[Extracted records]
<<<<

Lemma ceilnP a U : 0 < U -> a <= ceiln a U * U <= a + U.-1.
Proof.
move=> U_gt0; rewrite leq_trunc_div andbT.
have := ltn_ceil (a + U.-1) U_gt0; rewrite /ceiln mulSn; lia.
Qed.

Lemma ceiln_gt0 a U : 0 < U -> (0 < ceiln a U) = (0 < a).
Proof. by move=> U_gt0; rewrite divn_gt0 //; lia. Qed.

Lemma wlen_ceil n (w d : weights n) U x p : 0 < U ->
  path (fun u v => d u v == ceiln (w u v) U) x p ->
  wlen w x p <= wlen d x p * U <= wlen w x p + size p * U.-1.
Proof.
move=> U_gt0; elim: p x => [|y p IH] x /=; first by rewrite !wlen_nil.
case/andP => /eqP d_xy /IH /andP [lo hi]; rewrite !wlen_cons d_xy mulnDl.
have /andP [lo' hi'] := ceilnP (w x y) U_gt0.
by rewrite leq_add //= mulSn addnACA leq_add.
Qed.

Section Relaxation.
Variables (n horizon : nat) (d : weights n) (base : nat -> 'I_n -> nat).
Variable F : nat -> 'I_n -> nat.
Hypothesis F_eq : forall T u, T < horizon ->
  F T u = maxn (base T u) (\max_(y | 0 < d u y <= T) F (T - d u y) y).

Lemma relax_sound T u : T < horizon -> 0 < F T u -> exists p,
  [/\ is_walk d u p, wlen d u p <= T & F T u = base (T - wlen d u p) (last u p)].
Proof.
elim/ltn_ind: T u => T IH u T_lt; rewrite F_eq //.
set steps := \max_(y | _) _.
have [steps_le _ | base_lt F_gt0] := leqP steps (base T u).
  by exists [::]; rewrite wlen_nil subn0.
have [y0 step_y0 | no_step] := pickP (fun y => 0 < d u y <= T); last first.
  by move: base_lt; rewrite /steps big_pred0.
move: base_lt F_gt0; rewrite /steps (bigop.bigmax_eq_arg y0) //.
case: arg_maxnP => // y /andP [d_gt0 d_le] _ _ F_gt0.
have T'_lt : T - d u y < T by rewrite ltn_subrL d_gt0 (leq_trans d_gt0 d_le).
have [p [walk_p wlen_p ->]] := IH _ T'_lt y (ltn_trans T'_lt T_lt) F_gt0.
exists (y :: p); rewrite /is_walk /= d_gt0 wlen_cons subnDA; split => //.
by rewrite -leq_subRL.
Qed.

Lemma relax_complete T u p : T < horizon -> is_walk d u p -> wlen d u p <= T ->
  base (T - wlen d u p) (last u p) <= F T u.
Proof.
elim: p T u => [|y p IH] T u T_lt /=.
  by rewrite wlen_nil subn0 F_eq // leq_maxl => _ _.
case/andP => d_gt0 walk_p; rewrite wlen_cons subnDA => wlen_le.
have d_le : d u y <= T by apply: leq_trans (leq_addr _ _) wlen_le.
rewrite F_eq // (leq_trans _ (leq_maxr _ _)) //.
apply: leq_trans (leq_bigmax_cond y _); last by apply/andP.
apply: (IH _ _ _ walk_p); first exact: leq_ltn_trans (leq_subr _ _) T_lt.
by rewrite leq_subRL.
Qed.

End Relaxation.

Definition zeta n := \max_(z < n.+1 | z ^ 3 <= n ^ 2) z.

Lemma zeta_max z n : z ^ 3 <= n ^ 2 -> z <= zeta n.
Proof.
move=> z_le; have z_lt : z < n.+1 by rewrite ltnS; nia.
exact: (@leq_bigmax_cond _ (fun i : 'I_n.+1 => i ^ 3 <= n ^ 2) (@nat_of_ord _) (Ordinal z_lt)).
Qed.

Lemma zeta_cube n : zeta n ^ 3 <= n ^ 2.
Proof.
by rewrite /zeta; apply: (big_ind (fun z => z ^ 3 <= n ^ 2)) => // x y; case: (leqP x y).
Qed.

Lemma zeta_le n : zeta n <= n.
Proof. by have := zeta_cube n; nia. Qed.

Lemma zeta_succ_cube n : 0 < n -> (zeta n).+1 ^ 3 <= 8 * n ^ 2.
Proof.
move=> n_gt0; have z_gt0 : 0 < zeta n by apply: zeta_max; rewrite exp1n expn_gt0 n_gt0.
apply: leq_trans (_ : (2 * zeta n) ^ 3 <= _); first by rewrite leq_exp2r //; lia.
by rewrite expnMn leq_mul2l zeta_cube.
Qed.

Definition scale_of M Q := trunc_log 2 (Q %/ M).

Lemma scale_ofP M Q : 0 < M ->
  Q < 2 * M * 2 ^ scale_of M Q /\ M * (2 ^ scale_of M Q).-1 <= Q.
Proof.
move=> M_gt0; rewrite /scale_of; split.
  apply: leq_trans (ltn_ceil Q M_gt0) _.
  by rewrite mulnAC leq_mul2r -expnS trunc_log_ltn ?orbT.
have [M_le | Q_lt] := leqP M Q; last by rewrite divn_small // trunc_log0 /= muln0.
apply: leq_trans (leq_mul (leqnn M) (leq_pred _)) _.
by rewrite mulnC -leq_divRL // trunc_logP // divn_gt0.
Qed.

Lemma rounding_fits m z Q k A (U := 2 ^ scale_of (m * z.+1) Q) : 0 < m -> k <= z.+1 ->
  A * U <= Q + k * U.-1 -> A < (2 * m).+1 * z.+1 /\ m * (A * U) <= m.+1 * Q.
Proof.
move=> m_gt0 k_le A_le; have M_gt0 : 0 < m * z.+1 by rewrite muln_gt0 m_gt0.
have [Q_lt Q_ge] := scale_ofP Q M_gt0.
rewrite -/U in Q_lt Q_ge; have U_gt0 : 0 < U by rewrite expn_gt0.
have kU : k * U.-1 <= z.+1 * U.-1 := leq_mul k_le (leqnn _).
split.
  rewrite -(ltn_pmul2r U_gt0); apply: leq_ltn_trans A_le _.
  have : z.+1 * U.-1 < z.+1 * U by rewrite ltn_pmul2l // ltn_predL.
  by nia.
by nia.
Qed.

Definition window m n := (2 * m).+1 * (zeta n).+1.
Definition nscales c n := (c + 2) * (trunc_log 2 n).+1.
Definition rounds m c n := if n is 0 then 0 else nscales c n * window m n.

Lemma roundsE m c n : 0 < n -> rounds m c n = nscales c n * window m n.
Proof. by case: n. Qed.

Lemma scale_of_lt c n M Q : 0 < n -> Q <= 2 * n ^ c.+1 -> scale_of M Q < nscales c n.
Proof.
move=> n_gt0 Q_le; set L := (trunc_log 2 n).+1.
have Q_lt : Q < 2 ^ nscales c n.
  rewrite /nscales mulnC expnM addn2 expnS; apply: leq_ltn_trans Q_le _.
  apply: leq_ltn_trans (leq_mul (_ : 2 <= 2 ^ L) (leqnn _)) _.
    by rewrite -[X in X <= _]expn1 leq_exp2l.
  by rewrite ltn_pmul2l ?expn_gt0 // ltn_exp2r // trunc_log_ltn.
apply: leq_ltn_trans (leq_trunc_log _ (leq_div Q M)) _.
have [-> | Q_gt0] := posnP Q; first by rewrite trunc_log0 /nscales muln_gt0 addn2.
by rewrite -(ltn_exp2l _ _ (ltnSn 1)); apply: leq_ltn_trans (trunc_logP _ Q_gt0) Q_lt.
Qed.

>>>>
<<<<

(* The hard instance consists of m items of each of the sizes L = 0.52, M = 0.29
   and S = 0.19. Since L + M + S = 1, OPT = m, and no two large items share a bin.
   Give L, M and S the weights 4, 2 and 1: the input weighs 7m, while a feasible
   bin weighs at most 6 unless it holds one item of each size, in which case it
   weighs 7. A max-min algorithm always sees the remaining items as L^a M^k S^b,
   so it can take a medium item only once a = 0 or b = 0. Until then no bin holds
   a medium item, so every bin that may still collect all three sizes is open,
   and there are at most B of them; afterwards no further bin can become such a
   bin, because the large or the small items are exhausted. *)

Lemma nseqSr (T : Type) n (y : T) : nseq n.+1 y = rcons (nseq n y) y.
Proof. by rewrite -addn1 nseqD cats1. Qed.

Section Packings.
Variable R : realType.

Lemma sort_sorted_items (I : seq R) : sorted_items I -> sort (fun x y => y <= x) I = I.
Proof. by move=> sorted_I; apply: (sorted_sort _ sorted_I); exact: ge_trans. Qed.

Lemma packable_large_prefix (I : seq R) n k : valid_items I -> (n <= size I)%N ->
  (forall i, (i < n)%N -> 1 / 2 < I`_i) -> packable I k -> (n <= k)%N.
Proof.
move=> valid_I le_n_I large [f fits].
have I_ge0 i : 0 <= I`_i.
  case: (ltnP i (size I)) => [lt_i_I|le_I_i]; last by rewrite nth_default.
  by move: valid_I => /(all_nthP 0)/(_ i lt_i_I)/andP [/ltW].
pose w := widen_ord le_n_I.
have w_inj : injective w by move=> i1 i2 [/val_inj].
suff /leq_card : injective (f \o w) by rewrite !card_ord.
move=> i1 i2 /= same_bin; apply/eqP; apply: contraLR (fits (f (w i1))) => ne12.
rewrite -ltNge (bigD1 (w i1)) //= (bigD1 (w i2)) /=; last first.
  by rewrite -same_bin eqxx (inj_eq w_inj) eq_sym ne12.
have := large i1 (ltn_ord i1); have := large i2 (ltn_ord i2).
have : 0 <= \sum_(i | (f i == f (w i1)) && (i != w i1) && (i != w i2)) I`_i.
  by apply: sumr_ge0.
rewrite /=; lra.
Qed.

>>>>

| Problem requirements |
Your task is to gather all lines from the entries above that hold the word "andP".

| Answer for this exercise |
case/andP => /eqP d_xy /IH /andP [lo hi]; rewrite !wlen_cons d_xy mulnDl.
have /andP [lo' hi'] := ceilnP (w x y) U_gt0.
case: arg_maxnP => // y /andP [d_gt0 d_le] _ _ F_gt0.
case/andP => d_gt0 walk_p; rewrite wlen_cons subnDA => wlen_le.
apply: leq_trans (leq_bigmax_cond y _); last by apply/andP.
  by move: valid_I => /(all_nthP 0)/(_ i lt_i_I)/andP [/ltW].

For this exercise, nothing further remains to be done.